Vertical Optimization

Vertical Optimization — Before You Go Horizontal

TL;DR

Before sharding, queuing, or adding infrastructure, make sure you've exhausted what a single server can do. The right database choice, proper tuning, and modern hardware can often handle 10x more writes than a naive setup. Interviewers respect candidates who optimize before they complicate.

Every candidate in a system design interview reaches for sharding at the first sign of write pressure. The interviewer asks "how do you handle 50K writes per second?" and within 30 seconds, there's a consistent hashing ring on the whiteboard. But here's the thing — most write bottlenecks aren't infrastructure problems. They're configuration problems, hardware problems, or wrong-database problems. Fix those first.

Your Hardware Is Probably from 2010 (In Your Head)

Most candidates mentally model servers as having 4-8 cores, 16 GB of RAM, and spinning hard drives. That was reasonable in 2012. Today's cloud instances look nothing like that.

Resource	"Mental Model" (2010)	Modern Cloud Instance (2024)	Difference
CPU Cores	4-8	96-192 vCPUs	12-24x
RAM	16 GB	256-1024 GB	16-64x
Disk I/O (random)	100-200 IOPS (HDD)	100,000+ IOPS (NVMe SSD)	500-1000x
Disk I/O (sequential)	100 MB/s (HDD)	3-7 GB/s (NVMe SSD)	30-70x
Network	1 Gbps	10-100 Gbps	10-100x

The single biggest hardware upgrade for write-heavy systems is swapping HDD for NVMe SSD. Random I/O — the kind databases do constantly when updating B-tree pages and flushing WAL segments — gets 500-1000x faster. That alone can turn a "we need to shard" problem into a "we're fine on one box" solution.

Adding RAM helps too: the more of the write buffer (memtable, WAL buffer, InnoDB buffer pool) that fits in memory, the fewer disk flushes you need. Disk flushes are where writes go to die.

Interview Move

Mention vertical scaling briefly. It shows you don't prematurely add complexity. Something like: "Before distributing writes, I'd make sure we're on appropriate hardware — NVMe SSDs and sufficient RAM for write buffers. That alone can handle 10x more writes." But don't fight the interviewer if they push for distributed solutions. They have a rubric, and it probably includes sharding.

The Storage Engine Matters More Than You Think

Not all databases write data the same way. The storage engine architecture determines your write ceiling. Pick the wrong one and no amount of tuning will save you.

B-tree Databases (PostgreSQL, MySQL/InnoDB)

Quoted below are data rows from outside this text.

Definition special (A : Mat2) : Prop :=
  A <> mat0 /\ exists c O, c <> 0 /\ orthogonal O /\ A = scale c O.

Definition colinear (A B : Mat2) : Prop :=
  (exists c, B = scale c A) \/ (exists c, A = scale c B).

(* psi_A(theta,phi) = (cos theta, sin theta) A (cos phi, sin phi)^t,
   with the torus coordinates (theta, phi) taken in R x R (2pi-periodic). *)
Definition psi (A : Mat2) (theta phi : R) : R :=
  cos theta * (m11 A * cos phi + m12 A * sin phi)
  + sin theta * (m21 A * cos phi + m22 A * sin phi).

Definition ZA (A : Mat2) (p : R * R) : Prop := psi A (fst p) (snd p) = 0.

Definition F (A B : Mat2) (theta phi : R) : R :=
  psi B theta phi
  - (Derive (fun t => psi A t phi) theta) ^ 2
  + (Derive (fun s => psi A theta s) phi) ^ 2.

Definition near (eps : R) (p q : R * R) : Prop :=
  Rabs (fst p - fst q) < eps /\ Rabs (snd p - snd q) < eps.

Definition rel_open (S U : R * R -> Prop) : Prop :=
  (forall p, U p -> S p) /\
  forall p, U p -> exists eps, eps > 0 /\
    forall q, S q -> near eps p q -> U q.

Definition rel_dense (S U : R * R -> Prop) : Prop :=
  forall p, S p -> forall eps, eps > 0 -> exists q, U q /\ near eps p q.

Definition nonvanishing_open_dense (f : R -> R -> R) (S : R * R -> Prop) : Prop :=
  exists U, rel_open S U /\ rel_dense S U /\
    forall p, U p -> f (fst p) (snd p) <> 0.

From Stdlib Require Import Reals Lra Psatz List Classical.
From Coquelicot Require Import Coquelicot.
Open Scope R_scope.

(* F is continuous, so its non-vanishing locus in Z_A is relatively open and
   only density needs an argument.  Suppose F vanishes on Z_A near a point p.
   Translating p to the origin replaces A and B by R(a)^T A R(b) and
   R(a)^T B R(b), after which a11 = 0.  Near the origin Z_A then contains the
   line theta = 0 (if a12 = 0) or the curve
   tan phi = - a21 tan theta / (a12 + a22 tan theta) (if a12 <> 0).  Along it,
   F = 0 becomes a polynomial identity in the tangent of the parameter which
   holds near 0, hence on all of C, in particular at i, where the psi_B term
   dies with the factor 1 + t^2.  On the line this forces a21 = a22 = 0, i.e.
   A = 0; on the curve it forces A^T A to be scalar, i.e. A special.  When A is
   special, the curve identity factors as a12^2 (1 + t^2)^2 P(t)^2 with P
   quadratic, and P = 0 says exactly that B is a multiple of A. *)

Lemma Rabs_le_linear_eq0 (a M e : R) :
  0 < e -> 0 <= M -> (forall t, 0 < t < e -> Rabs a <= t * M) -> a = 0.
Proof.
  intros he hM h; destruct (Req_dec a 0) as [|ha]; [assumption|exfalso].
  assert (hpos : 0 < Rabs a) by (apply Rabs_pos_lt; exact ha).
  set (t := Rmin e (Rabs a / (M + 1)) / 2).
  assert (h1 : Rmin e (Rabs a / (M + 1)) <= e) by apply Rmin_l.
  assert (h2 : Rmin e (Rabs a / (M + 1)) <= Rabs a / (M + 1)) by apply Rmin_r.
  assert (h3 : 0 < Rmin e (Rabs a / (M + 1)))
    by (apply Rmin_glb_lt; [|apply Rdiv_lt_0_compat]; lra).
  assert (h4 : Rabs a / (M + 1) * (M + 1) = Rabs a) by (field; lra).
  assert (ht : Rabs a <= t * M) by (apply h; unfold t; lra).
  unfold t in ht; nra.
Qed.

Section ComplexPolynomials.

Local Open Scope C_scope.

Lemma Cmult_integral (x y : C) : x * y = 0 -> x = 0 \/ y = 0.
Proof.
  intros h; destruct (classic (x = 0)) as [hx|hx]; [left; exact hx | right].
  rewrite <- (Cmult_1_l y), <- (Cinv_l x hx), <- Cmult_assoc, h; ring.
Qed.

Lemma Cpow_eq0 z n : z ^ n = 0 -> z = 0.
Proof. intros h; apply NNPP; intros hz; exact (Cpow_nz z n hz h). Qed.

Lemma one_plus_Ci_sq : 1 + Ci ^ 2 = 0.
Proof. apply injective_projections; simpl; ring. Qed.

Lemma C_parts_eq0 (z : C) : z = 0 -> Re z = 0%R /\ Im z = 0%R.
Proof. intros ->; split; reflexivity. Qed.

Fixpoint horner (l : list R) (z : C) : C :=
  match l with nil => 0 | a :: l => a + z * horner l z end.

Fixpoint poly_add (l m : list R) : list R :=
  match l, m with
  | nil, _ => m
  | _, nil => l
  | a :: l, b :: m => (a + b)%R :: poly_add l m
  end.

Fixpoint poly_mul (l m : list R) : list R :=
  match l with
  | nil => nil
  | a :: l => poly_add (map (Rmult a) m) (0%R :: poly_mul l m)
  end.

Lemma horner_add l m z : horner (poly_add l m) z = horner l z + horner m z.
Proof.
  revert m; induction l as [|a l IH]; intros [|b m]; simpl; try ring.
  rewrite IH, RtoC_plus; ring.
Qed.

Lemma horner_scale a l z : horner (map (Rmult a) l) z = a * horner l z.
Proof. induction l as [|b l IH]; simpl; [ring|]. rewrite IH, RtoC_mult; ring. Qed.

Lemma horner_mul l m z : horner (poly_mul l m) z = horner l z * horner m z.
Proof.
  induction l as [|a l IH]; simpl; [ring|].
  rewrite horner_add, horner_scale; simpl; rewrite IH; ring.
Qed.

Lemma horner_bounded l :
  exists M, (0 <= M)%R /\ forall z, (Cmod z <= 1)%R -> (Cmod (horner l z) <= M)%R.
Proof.
  induction l as [|a l [M [hM IH]]]; simpl.
  - exists 0%R; split; [lra|]; intros z _; rewrite Cmod_0; lra.
  - exists (Rabs a + M)%R; split; [pose proof (Rabs_pos a); lra|]; intros z hz.
    eapply Rle_trans; [apply Cmod_triangle|].
    rewrite Cmod_R, Cmod_mult.
    pose proof (Cmod_ge_0 (horner l z)); specialize (IH z hz); nra.
Qed.

(* The constant term is [O(t)] as [t -> 0+], hence zero; then divide by [t]. *)
Lemma horner_eq0 l d :
  (0 < d)%R -> (forall t : R, (0 < t < d)%R -> horner l t = 0) ->
  forall z, horner l z = 0.
Proof.
  intros hd; induction l as [|a l IH]; intros hl z; simpl; [reflexivity|].
  destruct (horner_bounded l) as [M [hM hbound]].
  assert (ha : a = 0%R).
  { apply (Rabs_le_linear_eq0 a M (Rmin d 1)); [apply Rmin_glb_lt; lra | exact hM |].
    intros t [ht0 ht1].
    assert (htd : (t < d)%R) by (eapply Rlt_le_trans; [exact ht1 | apply Rmin_l]).
    assert (ht1' : (t <= 1)%R)
      by (left; eapply Rlt_le_trans; [exact ht1 | apply Rmin_r]).
    assert (hat : RtoC a = - (t * horner l t)).
    { specialize (hl t (conj ht0 htd)); simpl in hl.
      rewrite <- (Cplus_0_l (- _)), <- hl; ring. }
    apply (f_equal Cmod) in hat.
    rewrite Cmod_R, Cmod_opp, Cmod_mult, Cmod_R, (Rabs_pos_eq t) in hat by lra.
    rewrite hat; apply Rmult_le_compat_l; [lra|].
    apply hbound; rewrite Cmod_R, Rabs_pos_eq; lra. }
  assert (hl' : forall t : R, (0 < t < d)%R -> horner l t = 0).
  { intros t ht; specialize (hl t ht); simpl in hl; rewrite ha, Cplus_0_l in hl.
    destruct (Cmult_integral _ _ hl) as [h|h]; [|exact h].
    apply RtoC_inj in h; lra. }
  rewrite ha, (IH hl'); ring.
Qed.

Definition polynomial (f : C -> C) : Prop :=
  exists l : list R, forall z, f z = horner l z.

Lemma polynomial_const (a : R) : polynomial (fun _ => a).
Proof. exists (a :: nil); intros z; simpl; ring. Qed.

Lemma polynomial_var : polynomial (fun z => z).
Proof. exists (0%R :: 1%R :: nil); intros z; simpl; ring. Qed.

Lemma polynomial_plus f g :
  polynomial f -> polynomial g -> polynomial (fun z => f z + g z).
Proof.
  intros [l hl] [m hm]; exists (poly_add l m); intros z.
  rewrite horner_add, hl, hm; reflexivity.
Qed.

Lemma polynomial_mult f g :
  polynomial f -> polynomial g -> polynomial (fun z => f z * g z).
Proof.
  intros [l hl] [m hm]; exists (poly_mul l m); intros z.
  rewrite horner_mul, hl, hm; reflexivity.
Qed.

Lemma polynomial_opp f : polynomial f -> polynomial (fun z => - f z).
Proof.
  intros [l hl]; exists (map (Rmult (Ropp 1)) l); intros z.
  rewrite horner_scale, hl, RtoC_opp; ring.
Qed.

Lemma polynomial_minus f g :
  polynomial f -> polynomial g -> polynomial (fun z => f z - g z).
Proof. intros hf hg; apply polynomial_plus, polynomial_opp; assumption. Qed.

B-tree databases update data in place. When you INSERT or UPDATE a row, the database:

Finds the correct B-tree page on disk (random I/O)
Modifies the page in the buffer pool
Writes ahead to the WAL (sequential I/O)
Updates every affected index (more random I/O)
Eventually flushes dirty pages back to disk

This is fundamentally read-optimized. Data is sorted on disk, so reads are fast. But every write touches multiple locations on disk — the table page, the WAL, and every index.

-- A single INSERT into a table with 3 indexes triggers:
-- 1. WAL write (sequential)
-- 2. Heap page modification (random I/O)
-- 3. Primary key index update (random I/O)
-- 4. Index on created_at update (random I/O)
-- 5. Index on user_id update (random I/O)
-- That's 4 random I/O operations per write.

INSERT INTO events (user_id, event_type, created_at, payload)
VALUES (42, 'page_view', NOW(), '{"page": "/home"}');

LSM-tree Databases (Cassandra, RocksDB, ScyllaDB)

LSM-tree databases take the opposite approach: never update in place. Every write is an append.

Write to an in-memory sorted buffer (memtable) — microseconds
When the memtable is full, flush it as an immutable SSTable to disk — sequential I/O
Background compaction merges SSTables later — also sequential I/O

The critical insight: all disk I/O is sequential. No random seeks. Sequential writes on an SSD are 10-100x faster than random writes. On an HDD, the difference is even larger.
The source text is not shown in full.